Working through the records below, count the lines that include "mathcomp". The reply is that number alone.

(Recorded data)
- Opening Delimiter -
Definition full_constant_field : Prop :=
  forall x : E, (exists p : {poly K}, p != 0 /\ root (map_poly cst p) x) ->
    exists c, x = cst c.

Definition Lspace (oP : E -> int) (n : nat) (x : E) : Prop :=
  x = 0 \/ ((- (n%:Z) <= oP x) /\
     forall o, is_place_on allE o -> ~ same_place_on allE o oP -> 0 <= o x).

Definition dimK (L : E -> Prop) (n : nat) : Prop :=
  exists b : 'I_n -> E,
    [/\ (forall i, L (b i)),
        (forall c : 'I_n -> K, \sum_i cst (c i) * b i = 0 -> forall i, c i = 0) &
        (forall x, L x -> exists c : 'I_n -> K, x = \sum_i cst (c i) * b i)].

(* genus one (with a rational place P): l(nP) = n for all n >= 1 *)
Definition elliptic : Prop :=
  exists oP evP, is_rat_place_on allE oP evP /\
    forall n, (1 <= n)%N -> dimK (Lspace oP n) n.

Definition is_Kaut (g : E -> E) : Prop :=
  [/\ (forall x y, g (x + y) = g x + g y),
      (forall x y, g (x * y) = g x * g y),
      bijective g &
      (forall c, g (cst c) = cst c)].

Definition aut_subgroup (G : nat -> E -> E) (n : nat) : Prop :=
  [/\ (forall k, (k < n)%N -> is_Kaut (G k)),
      (forall k l, (k < n)%N -> (l < n)%N -> k <> l -> exists x, G k x <> G l x) &
      (forall k l, (k < n)%N -> (l < n)%N ->
         exists m, (m < n)%N /\ forall x, G k (G l x) = G m x)].

Definition fixed_field (G : nat -> E -> E) (n : nat) (x : E) : Prop :=
  forall k, (k < n)%N -> G k x = x.

Definition rational_generator (F : E -> Prop) (z : E) : Prop :=
  F z /\ forall x, F x -> exists p q : {poly K},
    (map_poly cst q).[z] != 0 /\ x = (map_poly cst p).[z] / (map_poly cst q).[z].

Definition pole_divisor (o : nat -> E -> int) (vs : seq nat) (x : E) : Prop :=
  [/\ x != 0,
      (forall v, v \in vs -> o v x = -1) &
      (forall o', is_place_on allE o' -> (forall v, v \in vs -> ~ same_place_on allE o' (o v)) ->
         0 <= o' x)].

Definition fa (z : E) (omega : nat -> E) (r t : nat) (a : nat -> nat -> K) : E :=
  \sum_(1 <= j < t.+1) cst (a 0%N j) * z ^+ j.-1
  + \sum_(1 <= i < r) (\sum_(1 <= j < t) cst (a i j) * z ^+ j.-1) * omega i.

(* B_u(a), positions 0..r+1 (position k < r+1 is f_a(P_{u,k+1})) *)
Definition Bvec (evP : nat -> nat -> E -> K) (evQ : nat -> E -> K) (z : E)
  (omega : nat -> E) (r t u : nat) (a : nat -> nat -> K) : 'I_(r.+2) -> K :=
  fun k => if (k < r.+1)%N then evP u k.+1 (fa z omega r t a)
           else \sum_(1 <= j < t.+1) a 0%N j * (evQ u z) ^+ j.-1.

End FunctionFieldDefs.

Definition Mmat (K : finFieldType) (E : fieldType) (evP : nat -> nat -> E -> K)
  (omega : nat -> E) (r u : nat) : 'M[K]_(r.+1, r) :=
  \matrix_(v < r.+1, i < r) evP u v.+1 (omega i).
Definition Mmat' (K : finFieldType) (E : fieldType) (evP : nat -> nat -> E -> K)
  (omega : nat -> E) (r u : nat) : 'M[K]_(r.+1, r.-1) :=
  \matrix_(v < r.+1, i < r.-1) evP u v.+1 (omega i.+1).
Arguments Bvec [K E] cst evP evQ z omega r t u a _.

From HB Require Import structures.
From mathcomp Require Import all_boot all_order all_algebra.
From mathcomp Require Import zify.
Import Order.TTheory GRing.Theory Num.Theory.
Local Open Scope ring_scope.
Set Implicit Arguments. Unset Strict Implicit.

(** Evaluating [f_a] at a place [P_{u,v}] above [Q_u] gives
    [sum_i g_i(z(Q_u)) * omega_i(P_{u,v})], where [g_i] is the coefficient of
    [omega_i] in [f_a]: [z] lies in [F] and [P_{u,v}] lies over [Q_u], so [z] has
    value [z(Q_u)] there, and the [omega_i] are regular there because all their
    poles lie over [Q_0 <> Q_u].  Hence [B_u(a) = A c(a)], where [A] is [M_u] with
    the extra row [(1, 0, ..., 0)] and [c(a) = (g_i(z(Q_u)))_i].  If the [r] known
    entries avoid the extra row, they come from an invertible minor of [M_u].
    Otherwise the extra row fixes [c(a)_0], and the other [r - 1] rows, restricted
    to the remaining coordinates, form an invertible minor of [M'_u].  Either way
    [c(a)], hence all of [B_u(a)], is determined. *)

(* [f_a = sum_i (fa_coef t a z i) * omega_i], with [cst] applied to the [a i j]. *)
Definition fa_coef (R : pzSemiRingType) (t : nat) (a : nat -> nat -> R) (c : R) (i : nat) : R :=
  \sum_(1 <= j < (if i == 0%N then t.+1 else t)) a i j * c ^+ j.-1.

Definition fa_coords (R : pzSemiRingType) (t : nat) (a : nat -> nat -> R) (c : R) (r : nat) :
  'cV[R]_r := \col_(i < r) fa_coef t a c i.

Section FunctionField.
Variables (K : finFieldType) (E : fieldType) (cst : {rmorphism K -> E}).

Definition div_closed (S : E -> Prop) : Prop :=
  [/\ S 1, forall x y, S x -> S y -> S (x * y) & forall x, S x -> S x^-1].

Lemma div_closed_allE : div_closed (@allE E).
Proof. by []. Qed.

Section Place.
Variables (S : E -> Prop) (o : E -> int).
Hypotheses (divS : div_closed S) (o_place : is_place_on cst S o).

Lemma div_closedX x n : S x -> S (x ^+ n).
Proof.
have [S1 SM _] := divS.
by move=> Sx; elim: n => [|n IHn]; rewrite ?expr0 // exprS; apply: SM.
Qed.

Lemma div_closedXz x (n : int) : S x -> S (x ^ n).
Proof.
have [_ _ SV] := divS.
by move=> Sx; case: n => n; [apply: div_closedX | apply/SV/div_closedX].
Qed.

Lemma place_ord1 : o 1 = 0.
Proof.
have [S1 _ _] := divS; have [oM _ _ _] := o_place.
by have := oM 1 1 S1 S1 (oner_neq0 _) (oner_neq0 _); rewrite mulr1; lia.
Qed.

Lemma place_ordV x : S x -> x != 0 -> o x^-1 = - o x.
Proof.
have [_ _ SV] := divS; have [oM _ _ _] := o_place.
move=> Sx x0; have := oM x x^-1 Sx (SV x Sx) x0 (invr_neq0 x0).
by rewrite mulfV // place_ord1; lia.
Qed.

Lemma place_ordX x n : S x -> x != 0 -> o (x ^+ n) = n%:Z * o x.
Proof.
have [oM _ _ _] := o_place.
move=> Sx x0; elim: n => [|n IHn]; first by rewrite expr0 place_ord1 mul0r.
rewrite exprS oM ?expf_neq0 //; last exact: div_closedX.
by rewrite IHn intS mulrDl mul1r.
Qed.

Lemma place_ordXz x (n : int) : S x -> x != 0 -> o (x ^ n) = n * o x.
Proof.
move=> Sx x0; case: n => n; first exact: place_ordX.
change (o (x ^+ n.+1)^-1 = Negz n * o x).
by rewrite place_ordV ?expf_neq0 ?place_ordX ?NegzE ?mulNr //; apply: div_closedX.
Qed.

End Place.

Lemma ord_eq0_transfer (S1 S2 : E -> Prop) (o1 o2 : E -> int) :
  div_closed S1 -> div_closed S2 -> (forall y, S1 y -> S2 y) ->
  is_place_on cst S1 o1 -> is_place_on cst S2 o2 ->
  (forall y, S1 y -> y != 0 -> 0 <= o1 y -> 0 <= o2 y) ->
  forall x, S1 x -> x != 0 -> o1 x = 0 -> o2 x = 0.
Proof.
move=> divS1 divS2 S12 o1P o2P le12 x S1x x0 o1x.
have [_ _ S1V] := divS1.
have := le12 x S1x x0; have := le12 _ (S1V x S1x) (invr_neq0 x0).
by rewrite (place_ordV divS1 o1P) // (place_ordV divS2 o2P (S12 _ S1x)) // o1x; lia.
Qed.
- Closing Delimiter -
[TASK ANSWER] 2